Some features of the algorithms used


When implementing merge sorting without an additional memory buffer, 4 non-occupied 4 bits of each number in the container are used for storing temporary data (for the first iteration, the upper 4 bits, then the buffer part and the working part, respectively, are swapped). Implementations of merge sorts with and without using a buffer are ascending .

When implementing the natural sorting of the boundaries of the sorted sections, each iteration is found anew.

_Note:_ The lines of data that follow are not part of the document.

Lemma loop_latency_prefix v t : 0 <= t -> t <= b -> latency k loop v t = latency k pi v t.
Proof. intros Ht0 Htb; apply latency_ext; intros x Hx; apply loop_prefix; lra. Qed.

Lemma loop_latency_period_end (n : nat) v :
  latency k loop v (b + INR n * period) <= latency k pi v b + del.
Proof.
  have HP := period_gt_del; have Hn := pos_INR n; have Hl := Hlat_b v.
  have Hex : exists x, visit_times k pi v b x.
  { apply NNPP => Hno; move: Hl; rewrite /latency (tau_no_visit Hno); lra. }
  rewrite /latency in Hl |- *.
  have Heta : 0 < Rmin del (tau k pi v b - a) by apply Rmin_glb_lt; lra.
  destruct (tau_near_visit Hex Heta) as (x&(Hx0&Hxb&i&Hi&Hx)&Hxt).
  have := Rmin_l del (tau k pi v b - a); have := Rmin_r del (tau k pi v b - a) => Hm2 Hm1.
  have Hvisit : loop (x + INR n * period) i = PNode A v by rewrite loop_replay //; lra.
  have : latency k loop v (b + INR n * period) <= b + INR n * period - (x + INR n * period)
    by apply: (latency_le_visit Hvisit Hi); nra.
  rewrite /latency; lra.
Qed.
(* Put P_x = sum_(i<n) x_i X^i in N[X], so that trunc3 x n = P_x(3) and the
   truncated cubic is R(3) with R = P_x^3 + X P_a P_x.  By the multinomial
   formula the coefficient of X^k in P_x^3 is N_k + 3 x_0^2 x_k for k > 0, and
   N_k = x_(k/3)^3 mod 3, since only the cube of a single monomial escapes the
   factor 3.  Carrying the multiples of 3 of each coefficient of R into the
   next one gives R(3) = sum_(k<n) t_k 3^k mod 3^n, where t_k is the k-th
   left-hand side of the theorem without its carry M_k.  A base-3 carry
   argument then shows that these sums agree with trunc3 b n modulo 3^n for
   every n iff t_k + M_k = b_k mod 3 for every k. *)

Section FfunRcons.
Variables (T : finType) (k : nat).

Definition ffun_rcons (g : {ffun 'I_k -> T}) (a : T) : {ffun 'I_k.+1 -> T} :=
  [ffun i => if unlift ord_max i is Some j then g j else a].

Lemma ffun_rcons_widen g a (i : 'I_k) :
  ffun_rcons g a (widen_ord (leqnSn k) i) = g i.
Proof.
have -> : widen_ord (leqnSn k) i = lift ord_max i.
  by apply/val_inj; rewrite [RHS]lift_max.
by rewrite ffunE liftK.
Qed.

Lemma ffun_rcons_last g a : ffun_rcons g a ord_max = a.
Proof. by rewrite ffunE unlift_none. Qed.

Lemma big_ord_ffun_rcons (R : Type) (idx : R) (op : Monoid.law idx)
    (F : nat -> T -> R) g a :
  \big[op/idx]_(i < k.+1) F i (ffun_rcons g a i) =
  op (\big[op/idx]_(i < k) F i (g i)) (F k a).
Proof.
rewrite big_ord_recr /= ffun_rcons_last; congr (op _ _).
by apply: eq_bigr => i _; rewrite ffun_rcons_widen.
Qed.

Lemma big_ffun_rcons (R : Type) (idx : R) (op : Monoid.com_law idx)
    (F : {ffun 'I_k.+1 -> T} -> R) :
  \big[op/idx]_f F f =
  \big[op/idx]_(g : {ffun 'I_k -> T}) \big[op/idx]_(a : T) F (ffun_rcons g a).
Proof.
rewrite pair_bigA /= (reindex (fun p => ffun_rcons p.1 p.2)) //=.
exists (fun f => ([ffun j => f (lift ord_max j)], f ord_max)).
- move=> [g a] _ /=; congr (_, _); last exact: ffun_rcons_last.
  by apply/ffunP => j; rewrite !ffunE liftK.
- move=> f _; apply/ffunP => i; rewrite ffunE.
  by case: unliftP => [j ->|->]; rewrite ?ffunE.
Qed.

End FfunRcons.

Lemma dvdn_prod_fact_sum k (f : 'I_k -> nat) :
  \prod_(i < k) (f i)`! %| (\sum_(i < k) f i)`!.
Proof.
elim: k f => [|k IH] f; first by rewrite !big_ord0.
rewrite !big_ord_recr /=; set A := \sum_(i < k) _.
rewrite -(bin_fact (leq_addl A (f ord_max))) addnK mulnCA [X in X %| _]mulnC.
by apply: dvdn_mul => //; apply/dvdn_mull/(IH (fun i => f (widen_ord _ i))).
Qed.

(* Exponents range over 'I_4 as in [Nk], so this is the coefficient of X^w in
   (sum_(i<k) x_i X^i)^s only for s <= 3. *)
Definition multinom (x : nat -> nat) (k s w : nat) : nat :=
  \sum_(m : {ffun 'I_k -> 'I_4} |
          ((\sum_(i < k) (m i : nat)) == s) && ((\sum_(i < k) i * m i) == w))
     (s`! %/ \prod_(i < k) (m i)`!) * \prod_(i < k) x i ^ (m i).

Lemma multinom0 x s w : multinom x 0 s w = ((s == 0) && (w == 0)).
Proof.
rewrite /multinom; under eq_bigl do rewrite !big_ord0.
under eq_bigr do rewrite !big_ord0.
rewrite divn1 muln1 eq_sym [0 == w]eq_sym.
case: ((s == 0) && (w == 0)) / andP => [[/eqP -> _]|_]; last by rewrite big_pred0.
by rewrite sum_nat_const card_ffun !card_ord.
Qed.

Lemma multinomS x k s w : s <= 3 ->
  multinom x k.+1 s w = \sum_(a < 4) (if (a <= s) && (k * a <= w)
      then 'C(s, a) * x k ^ a * multinom x k (s - a) (w - k * a) else 0).
Proof.
move=> s_le3; rewrite /multinom big_mkcond /=.
rewrite (big_ffun_rcons addn) exchange_big /=; apply: eq_bigr => a _.
under eq_bigr => g _ do rewrite
  (big_ord_ffun_rcons addn (fun _ (v : 'I_4) => nat_of_ord v))
  (big_ord_ffun_rcons addn (fun i (v : 'I_4) => i * v))
  (big_ord_ffun_rcons muln (fun _ (v : 'I_4) => v`!))
  (big_ord_ffun_rcons muln (fun i (v : 'I_4) => x i ^ v)).
case: ifP => [/andP[a_le_s ka_le_w]|a_out]; last first.
  apply: big1 => g _; case: ifP => // /andP[/eqP s_eq /eqP w_eq].
  by rewrite -s_eq -w_eq !leq_addl in a_out.
rewrite [RHS]big_distrr [RHS]big_mkcond /=; apply: eq_bigr => g _.
set S1 := \sum_(i < k) (g i : nat); set S2 := \sum_(i < k) i * g i.
have -> : (S1 + a == s) = (S1 == s - a) by apply/eqP/eqP; lia.
have -> : (S2 + k * a == w) = (S2 == w - k * a) by apply/eqP/eqP; lia.
case: ifP => // /andP[/eqP S1_eq _].
have /dvdnP[q fact_eq] := dvdn_prod_fact_sum (fun i => nat_of_ord (g i)).
rewrite -/S1 S1_eq in fact_eq.
set P := \prod_(i < k) (g i)`!.
have P_gt0 : 0 < P by apply: prodn_gt0 => i; rewrite fact_gt0.
rewrite fact_eq mulnK // -(bin_fact a_le_s) fact_eq.
rewrite (_ : 'C(s, a) * (a`! * (q * P)) = ('C(s, a) * q) * (P * a`!)); last by ring.
rewrite mulnK ?muln_gt0 ?P_gt0 ?fact_gt0 //; ring.
Qed.

Local Open Scope ring_scope.

Definition digits_poly (d : nat -> nat) (n : nat) : {poly nat} := \poly_(i < n) d i.

Lemma digits_polyS d n : digits_poly d n.+1 = digits_poly d n + d n *: 'X^n.
Proof. by rewrite /digits_poly !poly_def big_ord_recr. Qed.

Lemma coef_digits_poly d n i : (digits_poly d n)`_i = if (i < n)%N then d i else 0.
Proof. exact: coef_poly. Qed.

Lemma horner_digits_poly d n : (digits_poly d n).[3] = trunc3 d n.
Proof. by rewrite horner_poly. Qed.

Lemma coef_digits_poly_exp x k s w : (s <= 3)%N ->
  (digits_poly x k ^+ s)`_w = multinom x k s w.
Proof.
elim: k s w => [|k IH] s w s_le3.
  rewrite /digits_poly poly_def big_ord0 expr0n multinom0 coefMn coef1.
  by case: (s == 0%N); case: w.
rewrite digits_polyS exprDn coef_sum multinomS //.
rewrite (big_ord_widen 4 (fun i =>
  ((digits_poly x k ^+ (s - i) * (x k *: 'X^k) ^+ i) *+ 'C(s, i))`_w)) //.
rewrite big_mkcond /=; apply: eq_bigr => a _.
rewrite ltnS exprZn -exprM -scalerAr coefMn coefZ coefMXn.
case: (leqP a s) => //= a_le_s.
case: (leqP (k * a) w) => /= [ka_le_w|_]; last by rewrite mulr0 mul0rn.
rewrite IH; last by lia.
by rewrite -mulr_natr natn natrXE !natrME; ring.
Qed.

Lemma Nk_coef x k : Nk x k = (digits_poly x k ^+ 3)`_k.
Proof. by rewrite coef_digits_poly_exp. Qed.

Lemma expr3_add (R : comPzSemiRingType) (p q : R) :
  (p + q) ^+ 3 = p ^+ 3 + (q * (p ^+ 2 + p * q)) *+ 3 + q ^+ 3.
Proof. ring. Qed.

Section CubeAddMonomial.
Variables (p : {poly nat}) (c k : nat).

Lemma coef_scaleXnM (r : {poly nat}) i :
  (c *: 'X^k * r)`_i = if (i < k)%N then 0 else c * r`_(i - k).
Proof. by rewrite -scalerAl coefZ coefXnM; case: ifP; rewrite ?mulr0. Qed.

Lemma coef_scaleXn_cube i : ((c *: 'X^k) ^+ 3)`_i = if i == (k * 3)%N then (c ^ 3)%N else 0.
Proof. by rewrite exprZn -exprM coefZ coefXn natrXE; case: eqP; rewrite ?mulr1 ?mulr0. Qed.

Lemma coef_cube_addXn_lt i : (i < k)%N ->
  ((p + c *: 'X^k) ^+ 3)`_i = (p ^+ 3)`_i.
Proof.
move=> i_lt_k; rewrite expr3_add coefD coefD coefMn coef_scaleXnM coef_scaleXn_cube i_lt_k.
by rewrite ifF ?mul0rn ?addr0 //; apply/eqP; lia.
Qed.

Lemma coef_cube_addXn_diag : (0 < k)%N ->
  ((p + c *: 'X^k) ^+ 3)`_k = (p ^+ 3)`_k + 3 * c * p`_0 ^+ 2.
Proof.
move=> k_gt0; rewrite expr3_add coefD coefD coefMn coef_scaleXnM coef_scaleXn_cube.
rewrite ltnn subnn coefD expr2 !coef0M coefZ coefXn eq_sym (gtn_eqF k_gt0).
rewrite ifF; last by apply/eqP; lia.
by rewrite mulr0 !addr0 -mulr_natr natn; ring.
Qed.

Lemma coef_cube_addXn_mod3 i : exists r,
  ((p + c *: 'X^k) ^+ 3)`_i =
  (p ^+ 3)`_i + (3 * r)%N + (if i == (k * 3)%N then (c ^ 3)%N else 0).
Proof.
rewrite expr3_add coefD coefD coefMn coef_scaleXnM coef_scaleXn_cube.
exists (if (i < k)%N then 0 else c * (p ^+ 2 + p * (c *: 'X^k))`_(i - k)).
by rewrite -mulr_natr natn; case: ifP => _; ring.
Qed.

End CubeAddMonomial.

Lemma coef_digits_cube_stable x n i : (i < n)%N ->
  (digits_poly x n ^+ 3)`_i = (digits_poly x i.+1 ^+ 3)`_i.
Proof.
elim: n => // n IH; rewrite ltnS leq_eqVlt => /orP[/eqP -> //|i_lt_n].
by rewrite digits_polyS coef_cube_addXn_lt // IH.
Qed.

Lemma coef_digits_cube_diag x i : (0 < i)%N ->
  (digits_poly x i.+1 ^+ 3)`_i = (Nk x i + 3 * x 0 ^ 2 * x i)%N.
Proof.
move=> i_gt0; rewrite digits_polyS coef_cube_addXn_diag // -Nk_coef.
by rewrite coef_digits_poly i_gt0; ring.
Qed.

Lemma coef_digits_cube0 x : (digits_poly x 1 ^+ 3)`_0 = (x 0 ^ 3)%N.
Proof.
rewrite digits_polyS /digits_poly poly_def big_ord0 add0r expr0 exprZn expr1n coefZ coef1.
by rewrite mulr1.
Qed.

Lemma coef_digits_cube_mod3 x n w : exists q,
  (digits_poly x n ^+ 3)`_w =
  (3 * q + if (3 %| w) && (w %/ 3 < n) then x (w %/ 3) ^ 3 else 0)%N.
Proof.
elim: n => [|n [q IH]].
  by exists 0%N; rewrite /digits_poly poly_def big_ord0 expr0n coef0 andbF.
rewrite digits_polyS; have [r ->] := coef_cube_addXn_mod3 (digits_poly x n) (x n) n w.
exists (q + r)%N; rewrite IH.
have [->|w_ne] := eqVneq w (n * 3)%N.
  by rewrite mulnK // dvdn_mull // ltnn ltnSn /=; ring.
have -> : ((3 %| w) && (w %/ 3 < n.+1))%N = ((3 %| w) && (w %/ 3 < n))%N.
  by apply/idP/idP => /andP[w3 lt_w]; apply/andP; split => //; lia.
by rewrite addr0; ring.
Qed.

Local Close Scope ring_scope.

Definition Nk_residue (x : nat -> nat) (n : nat) : nat :=
  if 3 %| n then x (n %/ 3) ^ 3 else 0.

Definition Nk_quo (x : nat -> nat) (n : nat) : nat := (Nk x n - Nk_residue x n) %/ 3.

Lemma Nk_decomp x n : 0 < n -> Nk x n = 3 * Nk_quo x n + Nk_residue x n.
Proof.
move=> n_gt0; have [q] := coef_digits_cube_mod3 x n n.
rewrite -Nk_coef (_ : n %/ 3 < n) ?andbT; last by lia.
by rewrite -/(Nk_residue x n) /Nk_quo => ->; rewrite addnK mulKn.
Qed.

Lemma Nprime_decomp x n : 1 < n -> Nprime x n = Nk_quo x n.-1 + Nk_residue x n.
Proof.
move=> n_gt1; rewrite /Nprime /Nk_quo /Nk_residue /dvdn.
have : n %% 3 < 3 by rewrite ltn_mod.
case n_mod: (n %% 3) => [|[|[|?]]] // _.
- by rewrite ifF ?subn0 //; apply/negbTE/eqP; lia.
- by rewrite ifT ?addn0 //; apply/eqP; lia.
- by rewrite ifF ?subn0 ?addn0 //; apply/negbTE/eqP; lia.
Qed.

Definition cubic_coef (x a : nat -> nat) (i : nat) : nat :=
  if i == 0 then x 0 ^ 3
  else Nk x i + 3 * x 0 ^ 2 * x i + \sum_(j < i) a j * x (i.-1 - j).

Local Open Scope ring_scope.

A modification of the natural sorting is to remember the minimum size of the sorted subsequence at the previous iteration. At the next iteration, when searching for a subsequence, this size is skipped, then the current BCD number is found (or the previous one if the transition was made to the boundary between the numbers) and then the usual search procedure for the end of the subsequence occurs, as in natural sorting.

Testing


When testing, I was guided by "this article" , for which many thanks to its author.

All tests were performed on a computer with the following characteristics:

processor - Intel core 2 duo e7400,
RAM - 4 gibibytes.

For each variable value, three measurements were taken, the graph shows the arithmetic average of all three measurements.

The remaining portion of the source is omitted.